Used to be you had to please your customers, your investors, and the press. What happens when your customers are your investors and your press?
In today's networked, hyperinformed economy, customers are no longer mere buyers. They're helping design and innovate products and services, preordering and funding products that haven't been created, and even investing directly in early-stage businesses. If you continue to treat your customers as mere sources of revenue, you're missing the boat--and, quite likely, pushing them into the arms of a competitor who understands the truly important role they can play.
For a look at the opportunities, and perils, of this new customer-centric model, consider the Pebble Watch. The company launched via the crowdfunding platform Kickstarter, raising $10.2 million and netting orders for some 85,000 watches. When the anticipated September delivery date came and went without explanation, Pebble took a serious beating. But the company rallied, posting regular updates, including videos and photos from its production facility. And Pebble's founder, Eric Migicovsky, learned an important lesson. "It's awesome to see the amount of support we have after posting an update about production," he says. Kickstarter learned its lesson, too: In September, it announced new rules that, among other things, require project creators to better disclose risks and challenges associated with their projects.
But crowdfunding is just one way to get customers involved.

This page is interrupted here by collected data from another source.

(* For every $l\ge1$ and every positive integer $K$, $$c'_{l,K}\le \liminf_{n\to\infty} g(n)^{1/n}\le \limsup_{n\to\infty} g(n)^{1/n}\le c_{l,K}\cdot 2^{\eta_{l,K}},$$ where $$c'_{l,K}=\prod_{i=1}^K R'_l(i)^{\frac{1}{i(i+1)}\prod_{j=1}^l(1-\frac1{p_j})},\quad c_{l,K}=\prod_{i=1}^K R_l(i)^{\frac{1}{i(i+1)}\prod_{j=1}^l(1-\frac1{p_j})},$$ $$\eta_{l,K}=1-\sum_{i=1}^K\frac{1}{i(i+1)}\prod_{j=1}^l\left(1-\frac1{p_j}\right)|M_l(i)|.$$
   Context: A set of positive integers is primitive if no element divides another. $g(n)$ is the number of primitive subsets of $\{1,\dots,n\}$ (including the empty set). Let $p_1<p_2<\dots$ be the primes and $q=p_{l+1}$. $M_l$ is the set of positive integers all of whose prime factors lie in $\{p_1,\dots,p_l\}$, $M_l(x)=\{m\in M_l:m\le x\}$ ordered by divisibility. $R_l(i)$ is the number of antichains (including the empty one) of $M_l(i)$, and $R'_l(i)$ is the number of antichains of $M_l(i)$ all of whose elements are larger than $i/q$. *)

From mathcomp Require Import all_boot.
From Stdlib Require Import Reals.

Set Implicit Arguments.
Unset Strict Implicit.
Unset Printing Implicit Defensive.

(* next prime after p: the first prime in p+1 .. p+p! (Euclid: such a prime exists). *)
Definition next_prime (p : nat) : nat :=
  head 0 [seq r <- iota p.+1 (p`!) | prime r].

(* nth_prime j = p_j (1-indexed): p_1 = 2, p_2 = 3, ... *)
Definition nth_prime (j : nat) : nat := iter j next_prime 1.

Definition inM (l m : nat) : bool :=
  (0 < m) && all (fun r => r \in [seq nth_prime j | j <- iota 1 l]) (primes m).

Definition primitive_set (i : nat) (A : {set 'I_i.+1}) : bool :=
  [forall x in A, forall y in A, ((x : nat) %| y) ==> (x == y)].

Definition n_antichains (i : nat) (P : nat -> bool) : nat :=
  #|[set A : {set 'I_i.+1} |
      [forall x in A, (0 < (x : nat)) && P x] && primitive_set A]|.

Definition g (n : nat) : nat := n_antichains n (fun _ => true).

Definition R_l (l i : nat) : nat := n_antichains i (inM l).

(* R'_l(i): antichains of M_l(i) with all elements > i/q, q = p_{l+1};
   m > i/q  <=>  i < m*q *)
Definition R'_l (l i : nat) : nat :=
  n_antichains i (fun m => inM l m && (i < m * nth_prime l.+1)).

Definition card_M (l i : nat) : nat :=
  #|[set m : 'I_i.+1 | inM l m]|.

Open Scope R_scope.

Fixpoint prod1 (f : nat -> R) (K : nat) : R :=
  match K with O => 1 | S k => prod1 f k * f (S k) end.

Fixpoint sum1 (f : nat -> R) (K : nat) : R :=
  match K with O => 0 | S k => sum1 f k + f (S k) end.

Definition dens (l : nat) : R := prod1 (fun j => 1 - / INR (nth_prime j)) l.

Definition expo (l i : nat) : R := / (INR i * INR (S i)) * dens l.

Definition c_lK (l K : nat) : R :=
  prod1 (fun i => Rpower (INR (R_l l i)) (expo l i)) K.

Definition c'_lK (l K : nat) : R :=
  prod1 (fun i => Rpower (INR (R'_l l i)) (expo l i)) K.

Definition eta_lK (l K : nat) : R :=
  1 - sum1 (fun i => expo l i * INR (card_M l i)) K.

Definition groot (n : nat) : R := Rpower (INR (g n)) (/ INR n).

Close Scope R_scope.

(* Write [x] in [1..n] as its [p_1..p_l]-smooth part times its rough part [m].  The
   elements with rough part [m] form a copy of [M_l(n/m)], so antichains of [1..n] are at
   most products over [m] of [R_l(n/m)], times [2^(#elements)] for the blocks with
   [n/m > K].  Conversely the elements [m * a] with [a > (n/m)/q] are incomparable with
   all other blocks, so products of the [R'_l(n/m)] bound [g(n)] from below.  By
   periodicity of coprimality modulo [P = p_1 ... p_l], the number of rough [m] with
   [n/m = i] is [n * prod_j (1 - 1/p_j) / (i(i+1)) + O(P)]; take logarithms and divide
   by [n]. *)

From mathcomp Require Import all_boot zify.
Set Implicit Arguments.
Unset Strict Implicit.
Unset Printing Implicit Defensive.

(** * The primes [p_1 < p_2 < ...] *)

Lemma head_filter_prime_leq a k r :
  r \in [seq x <- iota a k | prime x] -> head 0 [seq x <- iota a k | prime x] <= r.
Proof.
elim: k a => [|k IH] a //=; case: ifP => pa /=; last exact: IH.
by rewrite inE => /orP[/eqP-> // | ]; rewrite mem_filter mem_iota => /and3P[_ ? _]; lia.
Qed.

(* Euclid: a prime factor of [p! + 1] lies in [p+1 .. p+p!]. *)
Lemma next_primeP p : 0 < p ->
  [/\ prime (next_prime p), p < next_prime p &
      forall r, prime r -> p < r -> next_prime p <= r].
Proof.
move=> p_gt0; rewrite /next_prime; set s := [seq x <- iota p.+1 p`! | prime x].
have [r pr r_dvd] : {r | prime r & r %| p`! + 1} by apply: pdivP; rewrite addn1 ltnS fact_gt0.
have p_lt_r : p < r.
  rewrite ltnNge; apply/negP => r_le_p.
  by move: r_dvd; rewrite dvdn_addr ?dvdn_fact ?prime_gt0 // gtnNdvd ?prime_gt1.
have r_in_s : r \in s.
  have : r <= p`! + 1 by apply: dvdn_leq; rewrite // addn1.
  by rewrite mem_filter pr mem_iota p_lt_r /=; lia.
have : head 0 s \in s by case: s r_in_s => //= x s' _; rewrite mem_head.
rewrite mem_filter mem_iota => /and3P[ph p_lt_h h_lt]; split=> // r' pr' p_lt_r'.
rewrite leqNgt; apply/negP => r'_lt_h.
have : r' \in s.
  by rewrite mem_filter pr' mem_iota p_lt_r' /=; lia.
by move/head_filter_prime_leq; rewrite -/s leqNgt r'_lt_h.
Qed.

Lemma nth_primeS j : nth_prime j.+1 = next_prime (nth_prime j).
Proof. by []. Qed.

Lemma nth_prime_gt0 j : 0 < nth_prime j.
Proof.
elim: j => // j IH; rewrite nth_primeS.
by case: (next_primeP IH) => ? _ _; exact: prime_gt0.
Qed.

Lemma nth_prime_prime j : 0 < j -> prime (nth_prime j).
Proof. by case: j => // j _; case: (next_primeP (nth_prime_gt0 j)). Qed.

Lemma nth_prime_ltS j : nth_prime j < nth_prime j.+1.
Proof. by case: (next_primeP (nth_prime_gt0 j)). Qed.

Lemma leq_nth_prime i j : i <= j -> nth_prime i <= nth_prime j.
Proof.
elim: j => [|j IH]; first by rewrite leqn0 => /eqP->.
rewrite leq_eqVlt ltnS => /orP[/eqP-> // | /IH le_ij].
exact: leq_trans le_ij (ltnW (nth_prime_ltS j)).
Qed.

Definition first_primes (l : nat) : seq nat := [seq nth_prime j | j <- iota 1 l].

Definition pi_first (l : nat) : nat_pred := [pred r | r \in first_primes l].

Lemma inM_pnat l m : inM l m = (pi_first l).-nat m.
Proof. by []. Qed.

Lemma mem_first_primes_prime l r : r \in first_primes l -> prime r.
Proof. by case/mapP => j; rewrite mem_iota => /andP[j_gt0 _] ->; exact: nth_prime_prime. Qed.

Lemma first_primesS l : first_primes l.+1 = rcons (first_primes l) (nth_prime l.+1).
Proof. by rewrite /first_primes -[l.+1]addn1 iotaD map_cat cats1 add1n /= addn1. Qed.

Lemma mem_first_primes_leq l r : r \in first_primes l -> r <= nth_prime l.
Proof. by case/mapP => j; rewrite mem_iota => /andP[_ j_le] ->; apply: leq_nth_prime; lia. Qed.

Lemma nth_primeS_notin l : nth_prime l.+1 \notin first_primes l.
Proof. by apply/negP => /mem_first_primes_leq; rewrite leqNgt nth_prime_ltS. Qed.

Lemma prime_lt_nth_primeS j r : prime r -> r < nth_prime j.+1 -> r \in first_primes j.
Proof.
move=> pr; elim: j => [|j IH] r_lt.
  by have [_ _ /(_ r pr (prime_gt1 pr))] := next_primeP (isT : 0 < 1); move: r_lt => /= ; lia.
have r_le : r <= nth_prime j.+1.
  rewrite leqNgt; apply/negP => lt_r.
  by have [_ _ /(_ r pr lt_r)] := next_primeP (nth_prime_gt0 j.+1); rewrite -nth_primeS; lia.
rewrite first_primesS mem_rcons inE.
by move: r_le; rewrite leq_eqVlt => /orP[-> // | /IH ->]; rewrite orbT.
Qed.

Lemma nth_primeS_leq_prime l r : prime r -> r \notin first_primes l -> nth_prime l.+1 <= r.
Proof. by move=> pr; apply: contraR; rewrite -ltnNge; exact: prime_lt_nth_primeS. Qed.

Definition primorial (l : nat) : nat := \prod_(r <- first_primes l) r.

Lemma primorial_gt0 l : 0 < primorial l.
Proof.
by rewrite /primorial big_seq prodn_cond_gt0 // => r /mem_first_primes_prime/prime_gt0.
Qed.

Lemma primorialS l : primorial l.+1 = primorial l * nth_prime l.+1.
Proof. by rewrite /primorial first_primesS -cats1 big_cat big_seq1. Qed.

Lemma prime_dvd_primorial l r : prime r -> (r %| primorial l) = (r \in first_primes l).
Proof.
move=> pr; elim: l => [|l IH].
  by rewrite /primorial big_nil dvdn1; apply/negbTE; move: pr; case: eqP => // ->.
rewrite primorialS Euclid_dvdM // IH first_primesS mem_rcons inE orbC.
by rewrite dvdn_prime2 ?nth_prime_prime.
Qed.

Lemma coprime_primorial_nth_primeS l : coprime (primorial l) (nth_prime l.+1).
Proof.
rewrite coprime_sym prime_coprime ?nth_prime_prime // prime_dvd_primorial ?nth_prime_prime //.
exact: nth_primeS_notin.
Qed.

Lemma coprime_primorial l m : 0 < m -> coprime m (primorial l) = (pi_first l)^'.-nat m.
Proof.
move=> m_gt0; rewrite coprime_sym coprime_pi' ?primorial_gt0 //.
apply: eq_pnat => r; rewrite !inE mem_primes primorial_gt0 /=.
case pr: (prime r); first by rewrite prime_dvd_primorial.
by apply/esym/negP => /mem_first_primes_prime; rewrite pr.
Qed.

(** * Antichains of a relation on a finite set *)

Section Antichains.
Variables (T : finType) (r : rel T).

Definition antichains (D : {set T}) : {set {set T}} :=
  [set A : {set T} | (A \subset D) && [forall x in A, forall y in A, r x y ==> (x == y)]].

Lemma antichainsP (D A : {set T}) :
  reflect (A \subset D /\ {in A &, forall x y, r x y -> x = y}) (A \in antichains D).
Proof.
rewrite inE; apply: (iffP andP) => -[AD antiA]; split=> //.
  move=> x y xA yA rxy; apply/eqP.
  by move/forall_inP: antiA => /(_ x xA)/forall_inP/(_ y yA)/implyP; apply.
by apply/forall_inP => x xA; apply/forall_inP => y yA; apply/implyP => /(antiA x y xA yA) ->.
Qed.

Lemma set0_in_antichains (D : {set T}) : set0 \in antichains D.
Proof. by apply/antichainsP; split=> [|x y]; rewrite ?sub0set ?inE. Qed.

Lemma card_antichains_gt0 (D : {set T}) : 0 < #|antichains D|.
Proof. by apply/card_gt0P; exists set0; exact: set0_in_antichains. Qed.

Quirky, a New York City company that manufactures household goods and tech accessories suggested and voted on by its 300,000-strong community of citizen inventors, uses another model. Rather than preselling, Quirky produces selected products at its own risk and rewards "influencers"--those who have helped to refine the product--with royalties on the items' sales, which gives them an incentive to promote the items themselves. The model has essentially eliminated the need for traditional marketing, says Ben Kaufman, Quirky's founder and CEO. "The nature of marketing is convincing people they need something--you don't need to persuade someone they need something if they've already told you they need it." Kaufman expects to see more companies follow his lead. "It's the smart way of doing things--learning more about what customers want up front, before making a big investment."
Even when customers aren't literally invested in a company as product consultants, there is a growing need for companies to be more transparent. Forward-thinking brands in all industries will increasingly be expected to disclose information--about products, labor practices, sustainability--that customers care about. "Brands will need to move from just having nothing to hide, to showing and proving everything they do," predicts David Mattin, senior analyst at Trendwatching.com. "Even consumers who aren't interested will expect brands to prove their ethical credentials to those who are."
Tricia Wang, a digital ethnographer who has worked for Nokia and Microsoft, points to another emerging trust issue that marketers may need to think about. "For a long time, brands thought that they only had to focus on developing trust with their consumers," says Wang. "But as companies start embracing sharing models that can rely on people's networks to popularize their product or even create the service itself--think Airbnb--designing for trust will be a top priority. Successful companies will be the ones that figure out how to foster trust--not just between the company and the consumer, but between consumer and consumer."